しかし、そんな彼女の心を支えてくれていた屋久島で出逢った恋人・迅(寛一郎)が、ある日なんの前触れもなく同居していた家から消えてしまう…。
■監督・脚本:河瀬直美コメント
この度、映画を本当に愛してやまないロカルノ国際映画祭の選考委員の皆様に本年度のコンペ部門のクロージングフィルムに選んでいただきましたことを大変光栄に思います。思い返せば、2000年公開の『火垂』がロカルノで受賞したことは私にとってとても美しい忘れられない想い出です。25年の月日を経て、またロカルノに戻って来れたことに感謝しています。
■新作に寄せたロカルノ映画祭のアーティスティックディレクターのGiona A.Nazzaro氏からのメッセージ
「水のように、音を立てずに深く掘り下げ沈黙を恐れず、耳を傾ける映画を作ってくれてありがとう」
■コリー役:ヴィッキー・クリープスのコメント
When I make a movie, I follow an invisible thread - one woven into the larger tapestry of dreams. This particular thread led me deep into the ancient forests of Yakushima and back into the gentle heart of childhood. I walked the delicate line between ghosts and reality, drawn by the mystery of love.

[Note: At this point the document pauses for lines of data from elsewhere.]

Lemma prob_relabel e : injective e -> forall A : set (array_space R setT),
  measurable A -> P (relabel e @^-1` A) = P (relabel id @^-1` A).
Proof.
move=> e_inj A mA.
have := @measure_unique _ R (array_space R setT) (cylinders setT) (fun=> setT) erefl
  (@cylinders_setI_closed R setT) (fun=> @cylinders_setT R setT) _
  (distribution P (relabel_mfun e)) (distribution P (relabel_mfun id)) _ _ A mA.
apply.
- by apply/seteqP; split => // x _; exists 0%N.
- move=> _ [s [B [_ mB ->]]].
  change (P (relabel e @^-1` cylinder s B) = P (relabel id @^-1` cylinder s B)).
  by rewrite !prob_relabel_cylinder.
- move=> _; change (P (relabel e @^-1` setT) < +oo).
  by rewrite preimage_setT probability_setT ltry.
Qed.

Definition array_law : probability (array_space R setT) R :=
  distribution P (relabel_mfun id).

Lemma array_lawE A : array_law A = P (relabel id @^-1` A).
Proof. by []. Qed.

Lemma measurable_cylinders S :
  @cylinders R S `<=` (measurable : set (set (array_space R setT))).
Proof.
by move=> A SA; apply: sub_sigma_algebra; exact: (subset_cylinders (@subsetT _ S) A SA).
Qed.

Lemma array_law_cylinderI (S1 S2 : set (nat * nat)) :
  (forall i, S1 i -> ~ S2 i) -> forall A1 A2, cylinders S1 A1 -> cylinders S2 A2 ->
  array_law (A1 `&` A2) = array_law A1 * array_law A2.
Proof.
move=> S12 _ _ [s1 [B1 [s1S mB1 ->]]] [s2 [B2 [s2S mB2 ->]]].
have s12 i : i \in s1 -> i \in s2 = false.
  by move=> is1; apply/negP => is2; exact: S12 i (s1S _ is1) (s2S _ is2).
pose B i := if i \in s1 then B1 i else B2 i.
have -> : cylinder s1 B1 `&` cylinder s2 B2 = cylinder (s1 ++ s2) B.
  apply/seteqP; split => u /=.
    move=> [B1u B2u] i; rewrite /B mem_cat.
    by case: ifP => [? _|_]; [exact: B1u|exact: B2u].
  move=> Bu; split => i is_; have := Bu i; rewrite mem_cat is_ ?orbT /B => /(_ isT).
    by rewrite is_.
  by case: ifP => // is1; rewrite s12 in is_.
rewrite !array_lawE !prob_relabel_cylinder//; last by move=> i; rewrite /B; case: ifP.
rewrite undup_cat big_cat /=; congr (_ * _).
  rewrite (_ : [seq x <- undup s1 | x \notin s2] = undup s1); last first.
    by apply/all_filterP/allP => i /[!mem_undup] /s12 ->.
  by apply: eq_big_seq => i /[!mem_undup] is1; rewrite /B is1.
apply: eq_big_seq => i /[!mem_undup] is2.
by rewrite /B; case: ifP => // /s12; rewrite is2.
Qed.

Lemma array_law_indep {S1 S2 : set (nat * nat)} A1 A2 :
  (forall i, S1 i -> ~ S2 i) ->
  <<s cylinders S1 >> A1 -> <<s cylinders S2 >> A2 ->
  array_law (A1 `&` A2) = array_law A1 * array_law A2.
Proof.
move=> S12; apply: (product_rule_sigma array_law).
- exact: measurable_cylinders.
- exact: cylinders_setI_closed.
- exact: cylinders_setT.
- exact: measurable_cylinders.
- exact: cylinders_setI_closed.
- exact: cylinders_setT.
- exact: array_law_cylinderI.
Qed.

Lemma array_law_bigcap_gt0 (part : nat * nat -> nat) (A : nat -> set (array R)) m :
  (forall r, (r < m)%N -> <<s cylinders [set ij | part ij = r] >> (A r)) ->
  (forall r, (r < m)%N -> 0 < array_law (A r)) ->
  <<s cylinders [set ij | (part ij < m)%N] >> (\bigcap_(r in `I_m) A r) /\
  0 < array_law (\bigcap_(r in `I_m) A r).
Proof.
elim: m => [|m IH] sA A_gt0.
  rewrite II0 bigcap_set0 probability_setT; split => //.
  by apply: sub_sigma_algebra; exact: cylinders_setT.
have [sAm Am_gt0] := IH (fun r rm => sA r (ltnW rm)) (fun r rm => A_gt0 r (ltnW rm)).
have sAm' : <<s cylinders [set ij | part ij = m] >> (A m) by exact: sA.
rewrite IIS bigcap_setU bigcap_set1; split.
  apply: (@measurableI _ (array_space R [set ij | (part ij < m.+1)%N])).
    by apply: (sigma_cylinders_sub _ _ sAm) => ij /= /ltnW.
  by apply: (sigma_cylinders_sub _ _ sAm') => ij /= ->.
rewrite (array_law_indep _ _ _ sAm sAm') ?mule_gt0 ?A_gt0//.
by move=> ij /= + pm; rewrite pm ltnn.
Qed.

Lemma array_law_rowmin_summable rho row : injective row ->
  array_law (rowmin_summable rho row) = array_law (rowmin_summable rho id).
Proof.
move=> row_inj; rewrite !array_lawE.
transitivity (P (relabel (fun ij => (row ij.1, ij.2)) @^-1` rowmin_summable rho id)).
  by [].
apply: prob_relabel; last exact: sigma_rowmin_summable.
by move=> [k j] [k' j'] /= [/row_inj -> ->].
Qed.

Hypothesis W_ge0 : forall t, (0 <= W t)%R.

Definition X_ge0 : set T := [set w | forall ij, (0 <= X ij w)%R].

Lemma setC_X_ge0 : ~` X_ge0 = \bigcup_n \bigcup_m (X (n, m) : T -> R) @^-1` `]-oo, 0%R[.
Proof.
apply/seteqP; split => w /=.
  move=> /existsNP[[n m]] /negP; rewrite -ltNge => Xw_lt0.
  by exists n => //; exists m => //=; rewrite in_itv.
by move=> [n _ [m _]] /=; rewrite in_itv /= => Xw_lt0 /(_ (n, m)); rewrite leNgt Xw_lt0.
Qed.

Lemma measurable_setC_X_ge0 : measurable (~` X_ge0).
Proof.
rewrite setC_X_ge0; apply: bigcupT_measurable => n; apply: bigcupT_measurable => m.
by rewrite -[X in measurable X]setTI; exact: measurable_funP.
Qed.

Lemma prob_setC_X_ge0 : P (~` X_ge0) = 0.
Proof.
apply: measure_negligible; first exact: measurable_setC_X_ge0.
rewrite setC_X_ge0; apply: negligible_bigcup => n; apply: negligible_bigcup => m.
apply/negligibleP; first by rewrite -[X in measurable X]setTI; exact: measurable_funP.
rewrite [LHS](X_law (n, m) _ (measurable_itv _)).
rewrite (_ : _ @^-1` _ = set0) ?measure0//; apply/seteqP; split => t //=.
by rewrite in_itv /= ltNge W_ge0.
Qed.

Lemma measurable_X_ge0 : measurable X_ge0.
Proof. by rewrite -[X_ge0]setCK; apply: measurableC; exact: measurable_setC_X_ge0. Qed.

Lemma measurable_relabel_preimage (A : set (array_space R setT)) :
  measurable A -> measurable (relabel id @^-1` A).
Proof. by move=> mA; rewrite -[X in measurable X]setTI; exact: measurable_relabel. Qed.

Lemma measurable_summable_event rho :
  measurable (relabel id @^-1` rowmin_summable rho id).
Proof. by apply: measurable_relabel_preimage; exact: sigma_rowmin_summable. Qed.

Lemma summable_forE sigma :
  [set w | \sum_(0 <= n <oo) (Lambda (fun ij => (X ij : T -> R)) sigma n w)%:E < +oo]
  = relabel id @^-1` rowmin_summable sigma id.
Proof. by []. Qed.
Lemma psd_twolvl_mx p q s e : p^* = p -> s^* = s -> 0 <= e ->
  (forall x y, 0 <= x^* * (p * x + q * y) + y^* * (q^* * x + s * y)) ->
  psd (twolvl_mx p q q^* s e).
Proof.
move=> p_real s_real e_ge0 block_ge0; split.
  by rewrite adjoint_twolvl_mx conjCK p_real s_real (conj_Creal (ger0_real e_ge0)).
move=> v; rewrite form_twolvl_mx addr_ge0 // mulr_ge0 // sumr_ge0 // => i _.
by rewrite mulrC mul_conjC_ge0.
Qed.

Lemma twolvl_mx_diag p s : is_diag_mx (twolvl_mx p 0 0 s 0).
Proof.
apply/is_diag_mxP => i j; rewrite mxE.
case: (levelP i) => [->|->|_ _]; case: (levelP j) => [->|->|_ _]; rewrite ?eqxx //.
by case: ifP.
Qed.

End TwoLevel.

Lemma twolvl_mx_inj n m (f : 'I_n -> 'I_m) k l p q r s e i j : injective f ->
  twolvl_mx (f k) (f l) p q r s e (f i) (f j) = twolvl_mx k l p q r s e i j.
Proof. by move=> f_inj; rewrite !mxE /level !(inj_eq f_inj). Qed.

Lemma state_twolvl n (rho : 'M[C]_n) k l : is_state rho -> k != l ->
  rho k k + rho l l = 1 -> rho = twolvl_mx k l (rho k k) (rho k l) (rho l k) (rho l l) 0.
Proof.
move=> [psd_rho tr_rho] kl rho_kl.
have lk : l != k by rewrite eq_sym.
have diag0 i : i != k -> i != l -> rho i i = 0.
  move: tr_rho; rewrite /mxtrace (bigD1 k) //= (bigD1 l) //= addrA rho_kl.
  move=> /(congr1 (fun x => -1 + x)); rewrite addKr addNr => /psumr_eq0P rest0 ik il.
  by rewrite rest0 ?ik ?il // => a _; exact: psd_diag_ge0.
have row0 i j : i != k -> i != l -> rho i j = 0.
  by move=> ik il; apply: psd_diag_eq0 => //; exact: diag0.
have col0 i j : j != k -> j != l -> rho i j = 0.
  by move=> jk jl; rewrite (psd_conjE j i psd_rho) row0 ?conjC0.
apply/matrixP=> i j; rewrite mxE.
case: (levelP k l i) => [->|->|ik il]; case: (levelP k l j) => [->|->|jk jl] //.
1,2: by rewrite col0.
1,2: by rewrite row0.
by rewrite row0 //; case: ifP.
Qed.

(** * Incoherent operations *)

Lemma adjoint_perm_mx m (s : 'S_m) : adjoint (perm_mx s : 'M[C]_m) = perm_mx s^-1.
Proof.
by apply/matrixP=> i j; rewrite !mxE conjC_nat -{1}(permKV s i) (inj_eq perm_inj) eq_sym.
Qed.

Definition perm_kraus m (s : 'S_m) : 'I_1 -> 'M[C]_m := fun=> perm_mx s.

Lemma apply_kraus_perm m (s : 'S_m) (X : 'M[C]_m) :
  apply_kraus (perm_kraus s) X = \matrix_(i, j) X (s i) (s j).
Proof.
rewrite /apply_kraus big_ord1 adjoint_perm_mx -row_permE -col_permE.
by apply/matrixP=> i j; rewrite !mxE.
Qed.

Lemma incoherent_perm m (s : 'S_m) : incoherent_operation (perm_kraus s).
Proof.
split; first by rewrite big_ord1 adjoint_perm_mx -perm_mxM mulVg perm_mx1.
move=> j sigma [_ /is_diag_mxP sigma_diag]; have := apply_kraus_perm s sigma.
rewrite /apply_kraus big_ord1 => ->; apply/is_diag_mxP => a b ab.
by rewrite mxE; apply: sigma_diag; apply: contra ab => /eqP/val_inj/perm_inj->.
Qed.

Section Cnot.
Variable n : nat.
Local Notation pair_idx := (@mxtens_index n.+1 n.+1).

Definition cnot_fun (x : 'I_(n.+1 * n.+1)) : 'I_(n.+1 * n.+1) :=
  let: (i1, i2) := mxtens_unindex x in pair_idx (i1, i2 - i1).

Lemma cnot_funE i1 i2 : cnot_fun (pair_idx (i1, i2)) = pair_idx (i1, i2 - i1).
Proof. by rewrite /cnot_fun mxtens_indexK. Qed.

Lemma cnot_fun_inj : injective cnot_fun.
Proof.
move=> x y; case: (mxtens_indexP x) => i1 i2; case: (mxtens_indexP y) => j1 j2.
rewrite !cnot_funE => /(can_inj (@mxtens_indexK _ _))/eqP.
by rewrite xpair_eqE => /andP [/eqP <- /eqP e]; rewrite -(subrK i1 i2) e subrK.
Qed.

Lemma ord_subr_eq0 (x y : 'I_n.+1) : (nat_of_ord (x - y) == 0%N) = (x == y).
Proof. by rewrite -[0%N]/(nat_of_ord (0 : 'I_n.+1)) -[_ == _]/((x - y) == 0) subr_eq0. Qed.

Definition cnot : 'S_(n.+1 * n.+1) := perm cnot_fun_inj.

Lemma cnot_twolvl (k l : 'I_n.+1) p q r s : k != l ->
  apply_kraus (perm_kraus cnot) (twolvl_mx k l p q r s 0 *t ket0bra R n.+1) =
  twolvl_mx (pair_idx (k, k)) (pair_idx (l, l)) p q r s 0.
Proof.
move=> kl; rewrite apply_kraus_perm; apply/matrixP=> x y; rewrite mxE.
case: (mxtens_indexP x) => i1 i2; case: (mxtens_indexP y) => j1 j2.
rewrite !permE !cnot_funE tensmxE [ket0bra _ _ _ _]mxE !ord_subr_eq0.
have diag_level a b :
    b != a -> level (pair_idx (k, k)) (pair_idx (l, l)) (pair_idx (a, b)) = None.
  move=> ba; apply: level_out; rewrite (inj_eq (can_inj (@mxtens_indexK _ _))) xpair_eqE;
    by apply: contra ba => /andP [/eqP-> /eqP->].
have [<-|i21] := eqVneq i2 i1; last first.
  by rewrite mulr0 twolvl_mx_out //; left; exact: diag_level.
have [<-|j21] := eqVneq j2 j1; last first.
  by rewrite mulr0 twolvl_mx_out //; right; exact: diag_level.
rewrite mulr1 (@twolvl_mx_inj _ _ (fun i => pair_idx (i, i))) //.
by move=> a b /(can_inj (@mxtens_indexK _ _)) [].
Qed.

End Cnot.

Lemma mxtrace_tens m n (A : 'M[C]_m) (B : 'M[C]_n) : \tr (A *t B) = \tr A * \tr B.
Proof.
rewrite /mxtrace mulr_sum; apply: eq_bigr => I _.
by case: (mxtens_indexP I) => i j; rewrite mxtens_indexK tensmxE.
Qed.

Lemma incoherent_tens m n (A : 'M[C]_m) (B : 'M[C]_n) :
  incoherent_state A -> incoherent_state B -> incoherent_state (A *t B).
Proof.
move=> [[psdA trA] /is_diag_mxP A_diag] [[psdB trB] /is_diag_mxP B_diag].
have AB_diag : is_diag_mx (A *t B).
  apply/is_diag_mxP => I J.
  case: (mxtens_indexP I) => i1 i2; case: (mxtens_indexP J) => j1 j2.
  rewrite tensmxE; have [<-|/A_diag->] := eqVneq i1 j1; last by rewrite mul0r.
  by have [<-|/B_diag->] := eqVneq i2 j2; rewrite ?eqxx ?mulr0.
split=> //; split; last by rewrite mxtrace_tens trA trB mulr1.
apply: psd_diag => // I; case: (mxtens_indexP I) => i1 i2.
by rewrite tensmxE mulr_ge0 ?psd_diag_ge0.
Qed.

Lemma ket0bra_incoherent n : incoherent_state (ket0bra R n.+1).
Proof.
have ket0_diag : is_diag_mx (ket0bra R n.+1).
  apply/is_diag_mxP => i j; rewrite mxE; apply: contraNeq.
  by rewrite pnatr_eq0 eqb0 negbK => /andP [/eqP i0 /eqP j0]; rewrite i0 j0.
split=> //; split; last first.
  rewrite /mxtrace (bigD1 ord0) //= mxE big1 ?addr0 // => i /negbTE i_neq0.
  by rewrite mxE -[nat_of_ord i == 0%N]/(i == ord0) i_neq0.
by apply: psd_diag => // i; rewrite mxE ler0n.
Qed.

Lemma incoherent_apply_kraus n m (K : 'I_m -> 'M[C]_n) (X : 'M[C]_n) :
  incoherent_operation K -> incoherent_state X -> incoherent_state (apply_kraus K X).
Proof.
move=> [K_tp K_inc] incX; have [[psdX trX] _] := incX.
split; last first.
  apply/is_diag_mxP => i j ij; rewrite summxE big1 // => a _.
  by move/is_diag_mxP: (K_inc a X incX) => ->.
split; first by apply: psd_sum => a; exact: psd_congr.
rewrite /apply_kraus raddf_sum /=.
under eq_bigr => a _ do rewrite mxtrace_mulC mulmxA.
by rewrite -raddf_sum /= -mulmx_suml K_tp mul1mx trX.
Qed.

(** * Bell locality and the CHSH inequality *)

Lemma mxtrace_mul_diag n (D Y : 'M[C]_n) :
  is_diag_mx D -> \tr (D *m Y) = \sum_i D i i * Y i i.
Proof.
move=> /is_diag_mxP D_diag; apply: eq_bigr => i _.
by rewrite mxE (bigD1 i) //= big1 ?addr0 // => j ji; rewrite D_diag ?mul0r // eq_sym.
Qed.

Lemma sum_Re_ge0 m (F : 'I_m -> C) :
  (forall i, 0 <= F i) -> (\sum_i complex.Re (F i))%:C = \sum_i F i.
Proof.
move=> F_ge0; rewrite rmorph_sum; apply: eq_bigr => i _.
exact: RRe_real (ger0_real (F_ge0 i)).
Qed.

(* The hidden variable is the product-basis index [I], drawn with probability [D I I]. *)
Lemma diag_bell_local dA dB (D : 'M[C]_(dA * dB)) : incoherent_state D -> bell_local D.
Proof.
move=> [[psdD trD] D_diag] mA mB oA oB MA MB povmA povmB.
pose idxA (I : 'I_(dA * dB)) := (mxtens_unindex I).1.
pose idxB (I : 'I_(dA * dB)) := (mxtens_unindex I).2.
have diagA x a i : 0 <= MA x a i i by apply: psd_diag_ge0; exact: (povmA x).1.
have diagB y b i : 0 <= MB y b i i by apply: psd_diag_ge0; exact: (povmB y).1.
exists (dA * dB), (fun I => complex.Re (D I I)),
  (fun I x a => complex.Re (MA x a (idxA I) (idxA I))),
  (fun I y b => complex.Re (MB y b (idxB I) (idxB I))); split.
- split=> [I|]; first by rewrite -ler0c RRe_real ?ger0_real ?psd_diag_ge0.
  by apply: complexI; rewrite sum_Re_ge0 => [|I]; [exact: trD | exact: psd_diag_ge0].
- split=> [I x a|I x]; first by rewrite -ler0c RRe_real ?ger0_real.
  by apply: complexI; rewrite sum_Re_ge0 // -summxE (povmA x).2 mxE eqxx.
- split=> [I y b|I y]; first by rewrite -ler0c RRe_real ?ger0_real.
  by apply: complexI; rewrite sum_Re_ge0 // -summxE (povmB y).2 mxE eqxx.
move=> x y a b; rewrite mxtrace_mul_diag // rmorph_sum; apply: eq_bigr => I _.
rewrite !rmorphM /= !RRe_real ?ger0_real ?diagA ?diagB ?psd_diag_ge0 //.
by case: (mxtens_indexP I) => i j; rewrite /idxA /idxB mxtens_indexK tensmxE mulrA.
Qed.

Lemma lecR_nat (x : R) n : (x%:C <= n%:R) = (x <= n%:R).
Proof. by rewrite -lecR rmorph_nat. Qed.

Lemma big_ord2 (V : nmodType) (F : 'I_2 -> V) : \sum_(a < 2) F a = F 0 + F 1.
Proof. by rewrite big_ord_recl big_ord1; congr (_ + F _); exact: val_inj. Qed.

Lemma bias_le1 (p : 'I_2 -> R) :
  (forall a, 0 <= p a) -> \sum_a p a = 1 -> `|p 0 - p 1| <= 1.
Proof.
by move=> p_ge0; rewrite big_ord2 ler_norml => p1; have := p_ge0 0; have := p_ge0 1; lra.
Qed.

Lemma chsh_bias_le2 (a0 a1 b0 b1 : R) :
  `|a0| <= 1 -> `|a1| <= 1 -> `|b0| <= 1 -> `|b1| <= 1 ->
  a0 * b0 + a0 * b1 + a1 * b0 - a1 * b1 <= 2.
Proof.
rewrite !ler_norml => /andP [? ?] /andP [? ?] /andP [? ?] /andP [? ?].
by have [] := lerP b1 b0; nra.
Qed.

Definition corr dA dB (rho : 'M[C]_(dA * dB))
    (A : 'I_2 -> 'M[C]_dA) (B : 'I_2 -> 'M[C]_dB) :=
  \tr (rho *m (A 0 *t B 0)) - \tr (rho *m (A 0 *t B 1))
  - \tr (rho *m (A 1 *t B 0)) + \tr (rho *m (A 1 *t B 1)).

Definition chsh dA dB (rho : 'M[C]_(dA * dB)) (A : 'I_2 -> 'I_2 -> 'M[C]_dA)
    (B : 'I_2 -> 'I_2 -> 'M[C]_dB) :=
  corr rho (A 0) (B 0) + corr rho (A 0) (B 1) + corr rho (A 1) (B 0) - corr rho (A 1) (B 1).

Lemma bell_local_chsh dA dB (rho : 'M[C]_(dA * dB)) A B :
  bell_local rho -> (forall x, povm (A x)) -> (forall y, povm (B y)) -> chsh rho A B <= 2.
Proof.
move=> loc povmA povmB.
have [L [q [pA [pB [[q_ge0 q1] [pA_ge0 pA1] [pB_ge0 pB1] trE]]]]] := loc _ _ _ _ A B povmA povmB.
pose bias (p : 'I_2 -> R) := p 0 - p 1.
have corrE x y : corr rho (A x) (B y) = (\sum_l q l * (bias (pA l x) * bias (pB l y)))%:C.
  rewrite /corr !trE -!rmorphB -rmorphD -!sumrB -big_split /=; congr _%:C.
  by apply: eq_bigr => l _; rewrite /bias; ring.
rewrite /chsh !corrE -!rmorphD -rmorphB lecR_nat -!big_split -sumrB /=.
apply: (@le_trans _ _ (\sum_l q l * 2)); last by rewrite -mulr_suml q1 mul1r.
apply: ler_sum => l _; have := q_ge0 l.
have := chsh_bias_le2 (bias_le1 (pA_ge0 l 0) (pA1 l 0)) (bias_le1 (pA_ge0 l 1) (pA1 l 1))
  (bias_le1 (pB_ge0 l 0) (pB1 l 0)) (bias_le1 (pB_ge0 l 1) (pB1 l 1)).
rewrite /bias; nra.
Qed.

Section BinaryMeasurement.
Variables (n : nat) (k l : 'I_n).
Hypothesis kl : k != l.

(* [(1 + O) / 2] for the observable [O = [[z, u], [u^*, -z]]] on the levels [k, l]. *)
Definition effect (z u : C) : 'M[C]_n :=
  twolvl_mx k l ((1 + z) / 2) (u / 2) (u^* / 2) ((1 - z) / 2) 2^-1.

Definition binmeas (z u : C) (a : 'I_2) : 'M[C]_n := effect ((-1) ^+ a * z) ((-1) ^+ a * u).

Lemma psd_effect z u : z^* = z -> z ^+ 2 + u * u^* <= 1 -> psd (effect z u).
Proof.
move=> z_real zu_le1; rewrite /effect.
have -> : u^* / 2 = (u / 2)^* by rewrite fmorph_div rmorph_nat.
apply: psd_twolvl_mx; rewrite ?invr_ge0 ?ler0n // ?fmorph_div ?rmorph_nat /=.
- by rewrite rmorphD rmorph1 /= z_real.
- by rewrite rmorphB rmorph1 /= z_real.
(* [4 x^* M x] splits as a sum of squares thanks to [z^2 + |u|^2 <= 1]. *)
move=> x y; set v1 := (1 - z) * y + u^* * x; set v2 := (1 + z) * x + u * y.
have v1J : v1^* = (1 - z) * y^* + u * x^*.
  by rewrite /v1 rmorphD !rmorphM rmorphB rmorph1 /= z_real conjCK.
have v2J : v2^* = (1 + z) * x^* + u^* * y^*.
  by rewrite /v2 rmorphD !rmorphM rmorphD rmorph1 /= z_real.
have -> : x^* * ((1 + z) / 2 * x + u / 2 * y) + y^* * (u^* / 2 * x + (1 - z) / 2 * y) =
    (v1 * v1^* + v2 * v2^* + (1 - (z ^+ 2 + u * u^*)) * (x * x^* + y * y^*)) / 4.
  by rewrite v1J v2J /v1 /v2; field.
rewrite divr_ge0 ?ler0n // !addr_ge0 ?mul_conjC_ge0 // mulr_ge0 ?subr_ge0 //.
by rewrite addr_ge0 ?mul_conjC_ge0.
Qed.

Lemma povm_binmeas z u : z^* = z -> z ^+ 2 + u * u^* <= 1 -> povm (binmeas z u).
Proof.
move=> z_real zu_le1; split=> [a|].
  apply: psd_effect; first by rewrite rmorphM rmorph_sign; congr (_ * _).
  by rewrite exprMn sqrr_sign mul1r rmorphM rmorph_sign mulrACA -expr2 sqrr_sign mul1r.
rewrite big_ord2 /binmeas /effect expr0 expr1 !mul1r !mulN1r addmx_twolvl -(twolvl_mx1 kl).
by rewrite rmorphN; congr twolvl_mx; field.
Qed.

End BinaryMeasurement.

映画を作るとき、私は目に見えない一本の糸をたどります――夢という大きな織物に織り込まれていく糸です。今回、糸は、私を屋久島の太古の森の奥深くへと導き、そして幼い頃のやさしい心へと連れ戻してくれました。幽霊と現実のあいだの繊細な境界線を歩きながら、私は愛という謎に引き寄せられていきました。
■迅役:寛一郎のコメント
諸行無常。
何かこの作品に込められたテーマのような気がしています。
この作品は自分にとって挑戦でした。
言語、さまざまな自然での撮影、新たな人との出会いで、たくさんの学びと、この現場でしか体験できない経験をさせてもらいました。
そんな作品がこうしてロカルノ国際映画祭に招待していただいた事を光栄に思います。
関わったたくさんの人たちの努力が報われる気がします。
そしてこの作品が世界の人に見ていただけることに喜びを感じています。